WFNN
- Erie, Pennsylvania; United States;
- Broadcast area: Erie, Pennsylvania
- Frequency: 1330 kHz
- Branding: Fox Sports 1330 AM Erie

Programming
- Format: Sports
- Affiliations: Fox Sports Radio

Ownership
- Owner: iHeartMedia, Inc.; (iHM Licenses, LLC);
- Sister stations: WEBG, WJET, WRKT, WRTS, WTWF, WXBB

History
- First air date: 1947
- Former call signs: WIKK (1947–57) WICU (1957–67) WRIE (1967–89) WEYZ (1989–93) WFLP (1993–99) WFNN (1999–2007) WFGO (2007)
- Call sign meaning: W FaN N

Technical information
- Licensing authority: FCC
- Facility ID: 26611
- Class: B
- Power: 5,000 watts
- Transmitter coordinates: 41°59′32″N 80°01′44″W﻿ / ﻿41.99222°N 80.02889°W
- Repeater: 95.9 WEBG (Mina, New York)

Links
- Public license information: Public file; LMS;
- Webcast: Listen Live
- Website: sportsradio1330.iheart.com

= WFNN =

Radio station in Erie, Pennsylvania

WFNN (1330 AM) is a sports radio station in Erie, Pennsylvania, owned by iHeartMedia. It is an affiliate of Fox Sports Radio. Its current name is Fox Sports 1330 AM Erie. WFNN's studios are located in the Boston Store building in downtown Erie while its transmitter is located near U.S. Route 19 and Sharp Rd south of Erie.

==History==
The call letters WFNN were originally licensed to a station in Escanaba, Michigan, which first began broadcasting in 1977 under the WFNN call sign.
In the late 1970s and early 1980s, WFNN was "Fun 104," an automated Top 40 station. Most programming was separate from its sister station, WDBC, with a few exceptions including simulcasts of Casey Kasem's American Top 40. In 1982, that station switched to its current calls, WYKX.

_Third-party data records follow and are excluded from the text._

(* In the setting and for the algorithm OOPE described in the context, let $l_M$ denote the number of phases up to and including the penultimate phase (the last phase being the one in which the online samples are exhausted). Define $H^{-1}:\mathbb{R}_{\ge0}\to\mathbb{N}\cup\{0\}$ by $H^{-1}(x)=\max\{n\in\mathbb{N}\cup\{0\}:\sum_{l=1}^n4^l\log(4l^2|\mathcal{A}|T)\le x\}$. Then $l_M\le H^{-1}\big(\frac{T}{3d_{\mathrm{eff}}}\big)$.
   Context: Setting: $\mathcal{A}\subset\mathbb{R}^d$ finite, known, $\mathrm{span}(\mathcal{A})=\mathbb{R}^d$; unknown $\theta^*\in\mathbb{R}^d$; pulling $a$ yields $\langle\theta^*,a\rangle+\eta$, $\eta$ zero-mean 1-sub-Gaussian independent; $T_{\mathrm{off}}$ offline samples collected non-adaptively by fixed $\pi_{\mathrm{off}}\in\Delta(\mathcal{A})$ ($\pi_{\mathrm{off}}(a)T_{\mathrm{off}}$ from arm $a$, same reward law); then $T$ online rounds. Notation: $V_\pi=\sum_a\pi(a)aa^\top$, $g_{\mathcal{B}}(\pi)=\max_{a\in\mathcal{B}}a^\top V_\pi^{-1}a$, $\lambda_k$ the $k$-th smallest eigenvalue, $d_{\mathrm{eff}}=\min\big(\sum_{k=1}^d(1+\frac{T_{\mathrm{off}}}{T}\frac{\lambda_k(V_{\pi_{\mathrm{off}}})}{\max_a\|a\|^2})^{-1},\frac{T}{T_{\mathrm{off}}}g_{\mathcal{A}}(\pi_{\mathrm{off}})\big)$. Algorithm OOPE: $\alpha=T_{\mathrm{off}}/(T_{\mathrm{off}}+T)$, $\mathcal{A}_1=\mathcal{A}$. Phase $l$: if $|\mathcal{A}_l|=1$ pull its arm for all remaining rounds. Else $\epsilon_l=2^{-l}$, $\pi^*_{l,\mathrm{on}}\in\arg\max_{\pi\in\Delta(\mathcal{A}_l)}\log\det V_{(1-\alpha)\pi+\alpha\pi_{\mathrm{off}}}$, $\tilde\pi_l=(1-\alpha)\pi^*_{l,\mathrm{on}}+\alpha\pi_{\mathrm{off}}$; for each arm $a$ in turn take $n^l_{\mathrm{on}}(a)=\lceil3d_{\mathrm{eff}}\pi^*_{l,\mathrm{on}}(a)\log(4l^2|\mathcal{A}|T)/\epsilon_l^2\rceil$ new online pulls and request $n^l_{\mathrm{off}}(a)=\lceil2\alpha\pi_{\mathrm{off}}(a)g_{\mathcal{A}_l}(\tilde\pi_l)\log(4l^2|\mathcal{A}|T)/\epsilon_l^2\rceil$ offline samples of $a$ not used before (all remaining if fewer). If the online budget would be exceeded, the remaining rounds are used and the algorithm stops without elimination. Otherwise compute the least-squares estimate $\hat\theta_l$ from phase-$l$ samples only, and set $\mathcal{A}_{l+1}=\mathcal{A}_l\setminus\{a:\max_{a'\in\mathcal{A}_l}\langle a'-a,\hat\theta_l\rangle\ge2\epsilon_l\}$. *)

From HB Require Import structures.
From mathcomp Require Import all_boot all_order all_algebra.
From mathcomp Require Import reals exp.
Set Implicit Arguments.
Unset Strict Implicit.
Unset Printing Implicit Defensive.
Import Order.TTheory GRing.Theory Num.Theory.
Local Open Scope ring_scope.

Section OOPE.
Variable R : realType.
Variables d K : nat.
(* the arm set A = {arm a | a : 'I_K} (arm injective), arms are column vectors *)
Variable arm : 'I_K -> 'cV[R]_d.
Variable theta : 'cV[R]_d.
Variables T Toff : nat.                (* online horizon, offline sample size *)
Variable pioff : 'I_K -> R.
Variable cnt : 'I_K -> nat.            (* number of offline samples of arm a = pi_off(a) T_off *)
Variable eta_on : nat -> R.            (* noise realisation of online round s (s = 0,1,...) *)
Variable eta_off : 'I_K -> nat -> R.   (* noise realisation of j-th offline sample of arm a *)
Variable lam : 'I_d -> R.              (* lam k = (k+1)-th smallest eigenvalue of V_{pi_off} *)
Variable pistar : nat -> {set 'I_K} -> 'I_K -> R. (* design pi*_{l,on} chosen for A_l *)

Definition inner (x y : 'cV[R]_d) : R := (x^T *m y) 0 0.
Definition qf (M : 'M[R]_d) (x : 'cV[R]_d) : R := (x^T *m M *m x) 0 0.

Definition Vmat (pi : 'I_K -> R) : 'M[R]_d := \sum_a pi a *: (arm a *m (arm a)^T).

Definition simplex (B : {set 'I_K}) (pi : 'I_K -> R) : Prop :=
  (forall a, 0 <= pi a) /\ (forall a, a \notin B -> pi a = 0) /\ \sum_a pi a = 1.

Definition gB (B : {set 'I_K}) (pi : 'I_K -> R) : R :=
  \big[Num.max/0]_(a in B) qf (invmx (Vmat pi)) (arm a).

Definition maxnorm2 : R := \big[Num.max/0]_a inner (arm a) (arm a).

Definition deff_first : R :=
  \sum_(k < d) (1 + (Toff%:R / T%:R) * (lam k / maxnorm2))^-1.

(* d_eff; the second term of the min is +oo when T_off = 0 or V_{pi_off} singular *)
Definition deff : R :=
  if (0 < Toff)%N && (Vmat pioff \in unitmx)
  then Num.min deff_first (T%:R / Toff%:R * gB [set: 'I_K] pioff)
  else deff_first.

Definition alpha : R := Toff%:R / (Toff%:R + T%:R).
Definition mix (pi : 'I_K -> R) (a : 'I_K) : R := (1 - alpha) * pi a + alpha * pioff a.

Definition eps (l : nat) : R := (2 ^+ l)^-1.
Definition lg (l : nat) : R := ln (4 * (l ^ 2)%:R * K%:R * T%:R).
Definition cnat (x : R) : nat := `|Num.ceil x|%N.

Definition non (l : nat) (S : {set 'I_K}) (a : 'I_K) : nat :=
  cnat (3 * deff * pistar l S a * lg l / eps l ^+ 2).
Definition noff (l : nat) (S : {set 'I_K}) (a : 'I_K) : nat :=
  cnat (2 * alpha * pioff a * gB S (mix (pistar l S)) * lg l / eps l ^+ 2).

Definition Non (l : nat) (S : {set 'I_K}) : nat := \sum_a non l S a.

(* first online round used for arm a in phase l (arms processed in order),
   t = number of online rounds used before phase l *)
Definition start (l : nat) (S : {set 'I_K}) (t : nat) (a : 'I_K) : nat :=
  t + \sum_(b < K | (b < a)%N) non l S b.

(* offline samples of arm a actually used in phase l, u a = offline samples of a used before *)
Definition moff (l : nat) (S : {set 'I_K}) (u : 'I_K -> nat) (a : 'I_K) : nat :=
  minn (noff l S a) (cnt a - u a).

(* least-squares estimate from phase-l samples only *)
Definition gram (l : nat) (S : {set 'I_K}) (u : 'I_K -> nat) : 'M[R]_d :=
  \sum_a (non l S a + moff l S u a)%:R *: (arm a *m (arm a)^T).

Definition yvec (l : nat) (S : {set 'I_K}) (t : nat) (u : 'I_K -> nat) : 'cV[R]_d :=
  \sum_a ((\sum_(s < non l S a) (inner (arm a) theta + eta_on (start l S t a + s)))
          + (\sum_(j < moff l S u a) (inner (arm a) theta + eta_off a (u a + j)))) *: arm a.

Definition thetahat (l : nat) (S : {set 'I_K}) (t : nat) (u : 'I_K -> nat) : 'cV[R]_d := invmx (gram l S u) *m yvec l S t u.

Definition elim (l : nat) (S : {set 'I_K}) (t : nat) (u : 'I_K -> nat) : {set 'I_K} :=
  [set a in S | ~~ [exists a' in S, 2 * eps l <= inner (arm a' - arm a) (thetahat l S t u)]].

(* Number of phases that complete (i.e. end with an elimination step), executed
   with at most [fuel] phases, starting at phase l with active set S, t online
   rounds used and u a offline samples of arm a used.  A phase with |A_l| <= 1,
   or whose online pulls would exceed the budget T, is the last phase. *)
Fixpoint completed (fuel l : nat) (S : {set 'I_K}) (t : nat) (u : 'I_K -> nat) : nat :=
  match fuel with
  | 0 => 0
  | fuel'.+1 =>
      if (#|S| <= 1)%N then 0
      else if (T < t + Non l S)%N then 0
      else (completed fuel' l.+1 (elim l S t u) (t + Non l S)
                      (fun a => u a + moff l S u a)).+1
  end.

(* l_M when the algorithm is run with fuel for at most [fuel] phases *)
Definition lM (fuel : nat) : nat := completed fuel 1 [set: 'I_K] 0 (fun _ => 0%N).

Definition Hsum (n : nat) : R := \sum_(1 <= l < n.+1) 4 ^+ l * lg l.
Definition is_Hinv (x : R) (h : nat) : Prop :=
  Hsum h <= x /\ forall n : nat, Hsum n <= x -> (n <= h)%N.

End OOPE.

(* Each phase l that completes spends at least 3 d_eff 4^l log(4 l^2 |A| T)
   online rounds: the ceilings n_on(a) dominate their arguments, whose sum
   over a is that quantity since the design pi*_l is a probability vector.
   Hence 3 d_eff H(l_M) <= T.  Dividing needs d_eff > 0, which holds because
   V_{pi_off} is positive semidefinite: its eigenvalues are nonnegative, and
   a^T V^-1 a > 0 for every nonzero arm a when V is invertible. *)
From HB Require Import structures.
From mathcomp Require Import all_boot all_order all_algebra.
From mathcomp Require Import reals exp.
From mathcomp Require Import ring.
Set Implicit Arguments.
Unset Strict Implicit.
Unset Printing Implicit Defensive.
Import Order.TTheory GRing.Theory Num.Theory.
Local Open Scope ring_scope.

Section QuadraticForms.
Variables (R : realType) (d : nat).

Lemma innerC (x y : 'cV[R]_d) : inner x y = inner y x.
Proof. by rewrite /inner -[x^T *m y]trmxK trmx_mul trmxK mxE. Qed.

Lemma psd_eigenvalue_ge0 (M : 'M[R]_d) (a : R) :
  (forall x, 0 <= qf M x) -> eigenvalue M a -> 0 <= a.
Proof.
move=> M_psd /eigenvalueP [v vM v_neq0].
have := M_psd v^T; rewrite /qf trmxK vM -scalemxAl mxE.
have vvT_gt0 : 0 < (v *m v^T) 0 0.
  have sq_ge0 (j : 'I_d) : true -> 0 <= v 0 j * v^T j 0.
    by move=> _; rewrite mxE -expr2 sqr_ge0.
  rewrite mxE lt_neqAle sumr_ge0 // andbT eq_sym; apply: contra v_neq0 => /eqP vv0.
  apply/eqP/matrixP => i j; rewrite (ord1 i) mxE.
  by have /eqP := psumr_eq0P sq_ge0 vv0 (i := j) isT; rewrite mxE -expr2 sqrf_eq0 => /eqP.
by rewrite pmulr_lge0.
Qed.

End QuadraticForms.

Section DesignMatrix.
Variables (R : realType) (d K : nat) (arm : 'I_K -> 'cV[R]_d).
Variable pi : 'I_K -> R.
Hypothesis pi_ge0 : forall a, 0 <= pi a.

Local Notation V := (Vmat arm pi).

Lemma qf_Vmat (x : 'cV[R]_d) : qf V x = \sum_a pi a * inner (arm a) x ^+ 2.
Proof.
rewrite /qf /Vmat mulmx_sumr mulmx_suml summxE; apply: eq_bigr => a _.
rewrite -scalemxAr -scalemxAl mxE mulmxA -(mulmxA (x^T *m arm a)) mxE.
by rewrite big_ord_recl big_ord0 addr0 -/(inner x (arm a)) innerC expr2.
Qed.

Lemma tr_Vmat : V^T = V.
Proof.
apply/matrixP => i j; rewrite /Vmat !mxE !summxE; apply: eq_bigr => a _.
rewrite !mxE !big_ord_recl !big_ord0 !addr0 !mxE; congr (_ * _); exact: mulrC.
Qed.

Let sqr_term_ge0 (x : 'cV[R]_d) (a : 'I_K) : true -> 0 <= pi a * inner (arm a) x ^+ 2.
Proof. by move=> _; rewrite mulr_ge0 ?pi_ge0 ?sqr_ge0. Qed.

Lemma qf_Vmat_ge0 (x : 'cV[R]_d) : 0 <= qf V x.
Proof. by rewrite qf_Vmat; apply: sumr_ge0 (sqr_term_ge0 x). Qed.

Lemma qf_Vmat_eq0 (y : 'cV[R]_d) : qf V y = 0 -> V *m y = 0.
Proof.
rewrite qf_Vmat => qf0; rewrite /Vmat mulmx_suml big1 // => a _.
have /eqP := psumr_eq0P (sqr_term_ge0 y) qf0 (i := a) isT.
rewrite -scalemxAl -mulmxA [(arm a)^T *m y]mx11_scalar mul_mx_scalar scalerA.
by rewrite mulf_eq0 sqrf_eq0 /inner => /orP [] /eqP ->; rewrite ?mul0r ?mulr0 scale0r.
Qed.

Lemma qf_invmx_Vmat_gt0 (x : 'cV[R]_d) :
  V \in unitmx -> x != 0 -> 0 < qf (invmx V) x.
Proof.
move=> V_unit x_neq0; set y := invmx V *m x.
have x_def : x = V *m y by rewrite /y mulKVmx.
have -> : qf (invmx V) x = qf V y.
  by rewrite /qf -mulmxA -/y {1}x_def trmx_mul tr_Vmat mulmxA.
rewrite lt_neqAle qf_Vmat_ge0 andbT eq_sym; apply: contra x_neq0 => /eqP qf0.
by rewrite x_def qf_Vmat_eq0.
Qed.

Lemma Vmat_eigenvalue_ge0 (a : R) : root (char_poly V) a -> 0 <= a.
Proof. by rewrite -eigenvalue_root_char; apply: psd_eigenvalue_ge0 qf_Vmat_ge0. Qed.

Lemma gB_setT_gt0 : (0 < d)%N -> V \in unitmx -> 0 < gB arm [set: 'I_K] pi.
Proof.
move=> d_gt0 V_unit; have [a arm_a_neq0 | arms0] := pickP (fun a => arm a != 0).
  by rewrite /gB (bigD1 a) ?in_setT //= lt_max qf_invmx_Vmat_gt0.
have V0 : V = 0.
  by rewrite /Vmat big1 // => b _; rewrite (eqP (negbFE (arms0 b))) mul0mx scaler0.
have := mulmxV V_unit; rewrite V0 mul0mx => /matrixP /(_ (Ordinal d_gt0) (Ordinal d_gt0)).
by rewrite !mxE eqxx => /eqP; rewrite eq_sym oner_eq0.
Qed.

End DesignMatrix.

Lemma deff_gt0 (R : realType) (d K : nat) (arm : 'I_K -> 'cV[R]_d)
    (T Toff : nat) (pioff : 'I_K -> R) (lam : 'I_d -> R) :
  (0 < d)%N -> (0 < T)%N -> (forall a, 0 <= pioff a) ->
  char_poly (Vmat arm pioff) = \prod_(i < d) ('X - (lam i)%:P) ->
  0 < deff arm T Toff pioff lam.
Proof.
move=> d_gt0 T_gt0 pioff_ge0 charV.
have lam_ge0 k : 0 <= lam k.
  apply: (Vmat_eigenvalue_ge0 (arm := arm) pioff_ge0).
  by rewrite charV /root horner_prod (bigD1 k) //= hornerXsubC subrr mul0r.
have maxnorm2_ge0 : 0 <= maxnorm2 arm.
  by apply: (big_rec (fun x => 0 <= x)) => // i y _ y_ge0; rewrite le_max y_ge0 orbT.
have term_gt0 k : 0 < (1 + Toff%:R / T%:R * (lam k / maxnorm2 arm))^-1.
  by rewrite invr_gt0 ltr_wpDr ?ltr01 // mulr_ge0 ?divr_ge0 ?ler0n ?lam_ge0.
have first_gt0 : 0 < deff_first arm T Toff lam.
  rewrite /deff_first (bigD1 (Ordinal d_gt0)) //= ltr_wpDr ?term_gt0 //.
  by rewrite sumr_ge0 // => k _; rewrite ltW.
rewrite /deff; case: ifP => // /andP [Toff_gt0 V_unit].
by rewrite lt_min first_gt0 mulr_gt0 ?divr_gt0 ?ltr0n ?(gB_setT_gt0 pioff_ge0).
Qed.

Lemma cnat_ge (R : realType) (x : R) : x <= (cnat x)%:R.
Proof.
rewrite /cnat natr_absz; apply: le_trans (real_ceil_ge (num_real x)) _.
by rewrite ler_int ler_norm.
Qed.

Lemma eps_sqr (R : realType) (l : nat) : eps R l ^+ 2 = (4 ^+ l)^-1.
Proof. by rewrite /eps exprVn -exprM mulnC exprM -[2 ^+ 2]natrX. Qed.

Section OnlineBudget.
Variables (R : realType) (d K : nat) (arm : 'I_K -> 'cV[R]_d) (theta : 'cV[R]_d).
Variables (T Toff : nat) (pioff : 'I_K -> R) (cnt : 'I_K -> nat).
Variables (eta_on : nat -> R) (eta_off : 'I_K -> nat -> R) (lam : 'I_d -> R).
Variable pistar : nat -> {set 'I_K} -> 'I_K -> R.
Hypothesis pistar_sum1 :
  forall l (S : {set 'I_K}), (1 < #|S|)%N -> \sum_a pistar l S a = 1.

Local Notation D := (deff arm T Toff pioff lam).
Local Notation Non := (Non arm T Toff pioff lam pistar).
Local Notation moff := (moff arm T Toff pioff cnt pistar).
Local Notation elim := (elim arm theta T Toff pioff cnt eta_on eta_off lam pistar).
Local Notation completed :=
  (completed arm theta T Toff pioff cnt eta_on eta_off lam pistar).

Lemma Non_ge l (S : {set 'I_K}) :
  (1 < #|S|)%N -> 3 * D * (4 ^+ l * lg R K T l) <= (Non l S)%:R.
Proof.
move=> S_gt1; rewrite /Non natr_sum; apply: le_trans (ler_sum _ (fun a _ => cnat_ge _)).
have non_arg a : 3 * D * pistar l S a * lg R K T l / eps R l ^+ 2
               = 3 * D * (4 ^+ l * lg R K T l) * pistar l S a.
  by rewrite eps_sqr invrK; ring.
by rewrite (eq_bigr _ (fun a _ => non_arg a)) -mulr_sumr pistar_sum1 ?mulr1.
Qed.

Lemma completed_cost_le fuel l (S : {set 'I_K}) t (u : 'I_K -> nat) : (t <= T)%N ->
  t%:R + 3 * D * \sum_(l <= j < l + completed fuel l S t u) 4 ^+ j * lg R K T j
    <= T%:R.
Proof.
have no_phase l' t' : (t' <= T)%N ->
    t'%:R + 3 * D * \sum_(l' <= j < l' + 0) 4 ^+ j * lg R K T j <= T%:R.
  by rewrite addn0 big_geq // mulr0 addr0 ler_nat.
elim: fuel l S t u => [|fuel IH] l S t u t_le_T /=; first exact: no_phase.
case: ifP => [_|S_gt1]; first exact: no_phase.
case: ifP => [_|fits]; first exact: no_phase.
have fits' : (t + Non l S <= T)%N by rewrite leqNgt fits.
apply: le_trans (IH l.+1 (elim l S t u) _ (fun a => u a + moff l S u a) fits').
rewrite addnS big_ltn ?ltnS ?leq_addr // -addSn natrD mulrDr addrA lerD2r lerD2l.
by apply: Non_ge; rewrite ltnNge S_gt1.
Qed.

End OnlineBudget.

Theorem lemma4p2 (R : realType) (d K : nat) (arm : 'I_K -> 'cV[R]_d)
  (theta : 'cV[R]_d) (T Toff : nat) (pioff : 'I_K -> R) (cnt : 'I_K -> nat)
  (eta_on : nat -> R) (eta_off : 'I_K -> nat -> R) (lam : 'I_d -> R)
  (pistar : nat -> {set 'I_K} -> 'I_K -> R) :
  (0 < d)%N -> (0 < T)%N ->
  injective arm ->
  row_full (\matrix_(i < K, j < d) arm i j 0) ->
  simplex [set: 'I_K] pioff ->
  (forall a, (cnt a)%:R = pioff a * Toff%:R) ->
  (forall i j : 'I_d, (i <= j)%N -> lam i <= lam j) ->
  char_poly (Vmat arm pioff) = \prod_(i < d) ('X - (lam i)%:P) ->
  (forall (l : nat) (S : {set 'I_K}), (1 < #|S|)%N ->
     simplex S (pistar l S) /\
     (forall pi, simplex S pi ->
        \det (Vmat arm (mix T Toff pioff pi))
          <= \det (Vmat arm (mix T Toff pioff (pistar l S))))) ->
  forall (fuel h : nat),
  is_Hinv K T (T%:R / (3 * deff arm T Toff pioff lam)) h ->
  (lM arm theta T Toff pioff cnt eta_on eta_off lam pistar fuel <= h)%N.
Proof.
(* Only the online budget is counted. *)
move=> d_gt0 T_gt0 _ _ [pioff_ge0 _] _ _ charV design fuel h [_ Hinv_max].
have deff_pos := deff_gt0 Toff d_gt0 T_gt0 pioff_ge0 charV.
have pistar_sum1 l (S : {set 'I_K}) : (1 < #|S|)%N -> \sum_a pistar l S a = 1.
  by move=> S_gt1; have [[_ [_ ->]] _] := design l S S_gt1.
have := completed_cost_le arm theta Toff pioff cnt eta_on eta_off lam pistar_sum1
  fuel 1 setT (fun _ => 0%N) (leq0n T).
rewrite add1n add0r -/(Hsum _ _ _) => budget.
by apply: Hinv_max; rewrite ler_pdivlMr ?mulr_gt0 // mulrC.
Qed.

WMYJ-AM was sister to WMYJ-FM which was started by Bulmer Communications, who also owned radio stations in Ashtabula, Ohio, Dunkirk, New York, Lima, Ohio, Ottawa, Ohio and Logansport, Indiana. John Bulmer was forced to sell the Erie radio stations due to overlap in signals (during the time one could only own one AM and one FM in the same market). In 1985 he sold both stations to Erie Communications, who also owned radio stations in Sandusky, Ohio, Cleveland and Johnstown, New York.

After being sold to Erie Communications who also owned radio stations in Johnstown, Pennsylvania, Sandusky, Ohio and Cleveland, they changed to WFNN and began as a sports-talk channel known as "Sports Radio 1330, The Fan" and part of the ESPN Radio network.

WFNN became an oldies station playing syndicated music on January 8, 2007, upon losing oldies radio station, Froggy 94.7. The WFGO call letters of Froggy 94.7, formerly an oldies station, were originally moved over to 1330 when 94.7 became Bob-FM. WFGO was, at the time, the only station in the country to use the Froggy name and not be a country music station.

Former logo

Later losing rights to use the Froggy moniker, the call letters were reverted to WFNN and it uses the branding "True Oldies 1330". On September 10, 2007, the station returned to an all-sports format as "Fox Sports Radio 1330 The Fan".

This station is part of the Erie SeaWolves and the Erie Otters radio broadcasting network.

On March 27, 2019, Connoisseur Media announced that it would transfer WFNN along with its sister stations to iHeartMedia in exchange for WFRE and WFMD in the Frederick, Maryland market from the Aloha Station Trust. The sale closed on May 20, 2019.

On January 10, 2022, WEBG dropped its iHeartPodcast format and flipped to sports radio format of its sister station as a simulcast of WFNN on repeater 95.9 FM.